* [PROMPT]:
Look through the data below for the line with "Definition alex_dual_gens n" and the line with "Definition path_supp n", then output those two and all lines in between, exactly as written.

+++ INPUT MATERIAL +++

(* Let $1\le t\le n$. The Alexander dual $I_t(L_n)^\vee$ has minimal monomial generating set $\{x_F: F\in C_{n,t}\}$. Writing $n=(t+1)p+q$ with $0\le q\le t$, the largest degree of a minimal generator of $I_t(L_n)^\vee$ equals $2p$ if $q<t$ and $2p+1$ if $q=t$.
   Context: $K$ is a field, $S=K[x_1,\ldots,x_n]$, $I_t(L_n)=(u_1,\ldots,u_{n-t+1})$ with $u_i=x_ix_{i+1}\cdots x_{i+t-1}$, $x_F=\prod_{i\in F}x_i$. The Alexander dual of a squarefree monomial ideal with minimal generators $x_{G_1},\ldots,x_{G_m}$ is generated by all $x_C$ where $C\subseteq[n]$ meets every $G_j$. $C_{n,t}$ is the set of subsets $\{i_1<\cdots<i_r\}\subseteq[n]$ with: (1) $1\le i_1\le t$; (2) $i_2>t$; (3) $1\le i_{j+1}-i_j\le t$ for $1\le j\le r-1$; (4) $i_{j+2}-i_j>t$ for $1\le j\le r-2$; (5) $i_{r-1}<n-t+1$; (6) $n-t+1\le i_r\le n$ (conditions referring to nonexistent indices are vacuous). *)

(* A monomial x_1^{a_1}...x_n^{a_n} is encoded by its exponent vector
   a : {ffun 'I_n -> nat}; the ordinal i : 'I_n stands for the variable x_{i+1}.
   A monomial ideal is described by a (possibly infinite) set of monomial
   generators; a monomial lies in it iff it is divisible by some generator. *)
From mathcomp Require Import all_boot.
Set Implicit Arguments. Unset Strict Implicit. Unset Printing Implicit Defensive.

Definition monomial (n : nat) := {ffun 'I_n -> nat}.

Definition mdvd n (a b : monomial n) : bool := [forall i, a i <= b i].

Definition mdeg n (a : monomial n) : nat := \sum_(i < n) a i.

Definition xF n (F : {set 'I_n}) : monomial n := [ffun i => nat_of_bool (i \in F)].

Definition in_mideal n (gens : monomial n -> Prop) (m : monomial n) : Prop :=
  exists2 g, gens g & mdvd g m.

(* m is a minimal monomial generator of the monomial ideal generated by gens:
   m is in the ideal and no other monomial of the ideal divides m.
   (The minimal monomial generating set of a monomial ideal is exactly the set
   of such m.) *)
Definition min_mgen n (gens : monomial n -> Prop) (m : monomial n) : Prop :=
  in_mideal gens m /\
  forall m', in_mideal gens m' -> mdvd m' m -> m' = m.

(* Alexander dual of the squarefree monomial ideal minimally generated by the
   x_G, G in Gs: generated by all x_C with C meeting every G. *)
Definition alex_dual_gens n (Gs : {set {set 'I_n}}) (m : monomial n) : Prop :=
  exists2 C : {set 'I_n}, (forall G, G \in Gs -> C :&: G != set0) & m = xF C.

(* support of u_i = x_i x_{i+1} ... x_{i+t-1}, for 1 <= i <= n-t+1;
   here k = i-1 ranges over 0 <= k < n-t+1 (0-based ordinals k..k+t-1). *)
Definition path_supp n t (k : nat) : {set 'I_n} :=
  [set j : 'I_n | (k <= j) && (j < k + t)].

Definition It_Ln_supps n t : {set {set 'I_n}} :=
  [set path_supp n t (nat_of_ord k) | k : 'I_(n - t + 1)].

Definition elts1 n (F : {set 'I_n}) : seq nat :=
  sort leq [seq (nat_of_ord i).+1 | i <- enum F].

(* F in C_{n,t}; with s = [i_1; ...; i_r], s`_k = i_{k+1}.  r >= 1 is required
   (condition (6) refers to i_r). *)
Definition in_Cnt n t (F : {set 'I_n}) : Prop :=
  let s := elts1 F in
  let r := size s in
  [/\ 0 < r,
   [/\ 
      (1 <= nth 0 s 0 <= t) &                                          (* (1) *)
      (1 < r -> t < nth 0 s 1)],                                         (* (2) *)
      (forall k, k.+1 < r -> 1 <= nth 0 s k.+1 - nth 0 s k <= t),     (* (3) *)
      (forall k, k.+2 < r -> t < nth 0 s k.+2 - nth 0 s k) &         (* (4) *)
      [/\ (1 < r -> nth 0 s (r - 2) < n - t + 1)                         (* (5) *)
    & (n - t + 1 <= nth 0 s (r - 1) <= n)]].                              (* (6) *)
Arguments in_Cnt : clear implicits.

From mathcomp Require Import zify.
From mathcomp Require Import all_boot.
Set Implicit Arguments. Unset Strict Implicit. Unset Printing Implicit Defensive.

(* The minimal generators of the Alexander dual of a squarefree monomial ideal
   are the x_F for the minimal transversals F of its supports, and a
   transversal is minimal iff each of its elements i has a private edge,
   meeting F only in i.  For the windows {k+1, ..., k+t} and
   F = {i_1 < ... < i_r}, covering means i_1 <= t, gaps at most t and
   i_r > n - t, while i_j has a private window iff the window starting at
   max(i_(j-1), i_j - t) works, i.e. iff i_(j-1) <= n - t and
   i_(j+1) - i_(j-1) > t: together these are conditions (1)-(6).  By (1), (2)
   and (4), i_j is at least the j-th term of 1, t+1, t+2, 2t+2, 2t+3, ...;
   comparing with i_r <= n and i_(r-1) <= n - t bounds r, and that sequence
   itself, cut at the bound, is in C_(n,t). *)

Section Transversals.
Variable T : finType.
Implicit Types (Gs : {set {set T}}) (C F G : {set T}).

Definition transversal Gs C := [forall G in Gs, C :&: G != set0].

Definition minimal_transversal Gs F :=
  transversal Gs F /\ forall C, transversal Gs C -> C \subset F -> C = F.

Lemma minimal_transversalP Gs F :
  minimal_transversal Gs F <->
  transversal Gs F /\ forall i, i \in F -> exists2 G, G \in Gs & F :&: G = [set i].
Proof.
split=> [[trF minF] | [trF priv]]; split=> //.
- move=> i iF; have : ~~ transversal Gs (F :\ i).
    by apply/negP => /minF /(_ (subsetDl F _)) /setP /(_ i); rewrite !inE eqxx iF.
  rewrite negb_forall_in => /exists_inP [G GGs /negPn /eqP FiG0].
  have onlyi x : x \in F :&: G -> x = i.
    rewrite inE => /andP [xF xG]; apply/eqP; apply: contraT => xi.
    have : x \in (F :\ i) :&: G by rewrite !inE xi xF xG.
    by rewrite FiG0 inE.
  exists G => //.
  have [y yFG] := set0Pn _ (forall_inP trF G GGs).
  have iFG : i \in F :&: G by rewrite -(onlyi y yFG).
  apply/eqP; rewrite eqEsubset sub1set iFG andbT.
  by apply/subsetP => x /onlyi ->; rewrite inE.
- move=> C trC sCF; apply/eqP; rewrite eqEsubset sCF; apply/subsetP => i iF.
  have [G GGs FG] := priv i iF.
  have [x] := set0Pn _ (forall_inP trC G GGs); rewrite inE => /andP [xC xG].
  have : x \in F :&: G by rewrite inE (subsetP sCF _ xC) xG.
  by rewrite FG inE => /eqP <-.
Qed.

End Transversals.

Lemma mdvd_refl n (a : monomial n) : mdvd a a.
Proof. exact/forallP. Qed.

Lemma mdvd_trans n (a b c : monomial n) : mdvd a b -> mdvd b c -> mdvd a c.
Proof.
by move=> /forallP ab /forallP bc; apply/forallP => i; apply: leq_trans (ab i) (bc i).
Qed.

Lemma mdvd_anti n (a b : monomial n) : mdvd a b -> mdvd b a -> a = b.
Proof.
by move=> /forallP ab /forallP ba; apply/ffunP => i; apply/eqP; rewrite eqn_leq ab ba.
Qed.

Lemma mdvd_xF n (A B : {set 'I_n}) : mdvd (xF A) (xF B) = (A \subset B).
Proof.
apply/forallP/subsetP => [AB i iA | AB i].
  by have := AB i; rewrite !ffunE iA; case: (i \in B).
by rewrite !ffunE; case: (boolP (i \in A)) => // /AB ->.
Qed.

Lemma xF_inj n : injective (@xF n).
Proof.
move=> A B eAB; apply/eqP; rewrite eqEsubset -!mdvd_xF eAB.
by rewrite mdvd_refl.
Qed.

Lemma mdeg_xF n (F : {set 'I_n}) : mdeg (xF F) = #|F|.
Proof.
rewrite /mdeg -sum1_card [RHS]big_mkcond /=; apply: eq_bigr => i _.
by rewrite ffunE; case: (i \in F).
Qed.

Lemma min_mgen_alex_dualP n (Gs : {set {set 'I_n}}) (m : monomial n) :
  min_mgen (alex_dual_gens Gs) m <-> exists2 F, minimal_transversal Gs F & m = xF F.
Proof.
have dual_xF C : transversal Gs C -> in_mideal (alex_dual_gens Gs) (xF C).
  by move=> /forall_inP trC; exists (xF C); [exists C | exact: mdvd_refl].
split.
- move=> [[_ [C /forall_inP trC ->] Cm] minm].
  have mC := minm _ (dual_xF C trC) Cm.
  exists C => //; split=> // C' trC' sC'C.
  apply: xF_inj; rewrite mC; apply: minm; first exact: dual_xF.
  by rewrite -mC mdvd_xF.
- move=> [F [trF minF] ->]; split; first exact: dual_xF.
  move=> m' [_ [C /forall_inP trC ->] CF'] F'F.
  have eCF : C = F by apply: minF => //; rewrite -mdvd_xF; apply: mdvd_trans CF' F'F.
  by subst C; apply: mdvd_anti.
Qed.

Lemma mem_elts1 n (F : {set 'I_n}) (i : 'I_n) : (i.+1 \in elts1 F) = (i \in F).
Proof.
rewrite /elts1 mem_sort; apply/mapP/idP => [[j] | iF]; last by exists i; rewrite ?mem_enum.
by rewrite mem_enum => jF [/val_inj ->].
Qed.

Lemma elts1P n (F : {set 'I_n}) x : x \in elts1 F -> exists2 i : 'I_n, i \in F & x = i.+1.
Proof. by rewrite /elts1 mem_sort => /mapP [i]; rewrite mem_enum; exists i. Qed.

Section PathIdeal.
Variables n t : nat.
Implicit Type F : {set 'I_n}.

(* (k, k + t] is the support of u_(k+1), shifted to the 1-based labels of elts1. *)
Definition window_cover (s : seq nat) :=
  forall k, k < n - t + 1 -> has (fun x => k < x <= k + t) s.

Definition private_window (s : seq nat) x := exists2 k, k < n - t + 1 &
  k < x <= k + t /\ forall y, y \in s -> k < y <= k + t -> y = x.

Lemma mem_path_supp k (j : 'I_n) : (j \in path_supp n t k) = (k <= j < k + t).
Proof. by rewrite inE. Qed.

Lemma path_supp_It_Ln k : k < n - t + 1 -> path_supp n t k \in It_Ln_supps n t.
Proof. by move=> kn; apply/imsetP; exists (Ordinal kn). Qed.

Lemma transversal_It_Ln F : transversal (It_Ln_supps n t) F <-> window_cover (elts1 F).
Proof.
split=> [/forall_inP trF k kn | cover].
- have /set0Pn [j] := trF _ (path_supp_It_Ln kn).
  rewrite inE mem_path_supp => /andP [jF jk]; apply/hasP.
  by exists j.+1; [rewrite mem_elts1 | lia].
- apply/forall_inP => _ /imsetP [k _ ->]; apply/set0Pn.
  have /hasP [_ /elts1P [i iF ->] ik] := cover k (ltn_ord k).
  by exists i; rewrite inE mem_path_supp iF; lia.
Qed.

Lemma private_edge_It_Ln F (i : 'I_n) : i \in F ->
  (exists2 G, G \in It_Ln_supps n t & F :&: G = [set i]) <->
  private_window (elts1 F) i.+1.
Proof.
move=> iF; split.
- move=> [_ /imsetP [k _ ->] Fk]; exists k; first exact: ltn_ord.
  have := set11 i; rewrite -Fk inE mem_path_supp => /andP [_ ik].
  split=> [|_ /elts1P [j jF ->] jk]; first by lia.
  have : j \in F :&: path_supp n t k by rewrite inE jF mem_path_supp; lia.
  by rewrite Fk inE => /eqP ->.
- move=> [k kn [ik onlyi]]; exists (path_supp n t k); first exact: path_supp_It_Ln.
  apply/setP => j; rewrite inE mem_path_supp inE.
  apply/andP/eqP => [[jF jk] | ->]; last by split=> //; lia.
  by apply/val_inj/succn_inj/onlyi; rewrite ?mem_elts1 //; lia.
Qed.

Lemma minimal_transversal_It_Ln_windows F :
  minimal_transversal (It_Ln_supps n t) F <->
  window_cover (elts1 F) /\ forall x, x \in elts1 F -> private_window (elts1 F) x.
Proof.
rewrite minimal_transversalP transversal_It_Ln; split=> -[cover priv]; split=> //.
- by move=> _ /elts1P [i iF ->]; apply/private_edge_It_Ln/priv.
- by move=> i iF; apply/private_edge_It_Ln/priv; rewrite ?mem_elts1.
Qed.

End PathIdeal.

Definition Cnt_seq n t (s : seq nat) : Prop :=
  let r := size s in
  [/\ 0 < r,
      [/\ 1 <= nth 0 s 0 <= t & (1 < r -> t < nth 0 s 1)],
      (forall k, k.+1 < r -> 1 <= nth 0 s k.+1 - nth 0 s k <= t),
      (forall k, k.+2 < r -> t < nth 0 s k.+2 - nth 0 s k) &
      [/\ (1 < r -> nth 0 s (r - 2) < n - t + 1) & (n - t + 1 <= nth 0 s (r - 1) <= n)]].

Lemma in_CntE n t F : in_Cnt n t F = Cnt_seq n t (elts1 F).
Proof. by []. Qed.

Section SortedWindows.
Variables (n t : nat) (s : seq nat).
Hypotheses (t_pos : 0 < t) (s_sorted : sorted ltn s) (s_range : all (fun x => 0 < x <= n) s).
Local Notation r := (size s).
Local Notation "u `_ i" := (nth 0 u i) : nat_scope.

+++

* [ANSWER BELOW]:
Definition alex_dual_gens n (Gs : {set {set 'I_n}}) (m : monomial n) : Prop :=
  exists2 C : {set 'I_n}, (forall G, G \in Gs -> C :&: G != set0) & m = xF C.

(* support of u_i = x_i x_{i+1} ... x_{i+t-1}, for 1 <= i <= n-t+1;
   here k = i-1 ranges over 0 <= k < n-t+1 (0-based ordinals k..k+t-1). *)
Definition path_supp n t (k : nat) : {set 'I_n} :=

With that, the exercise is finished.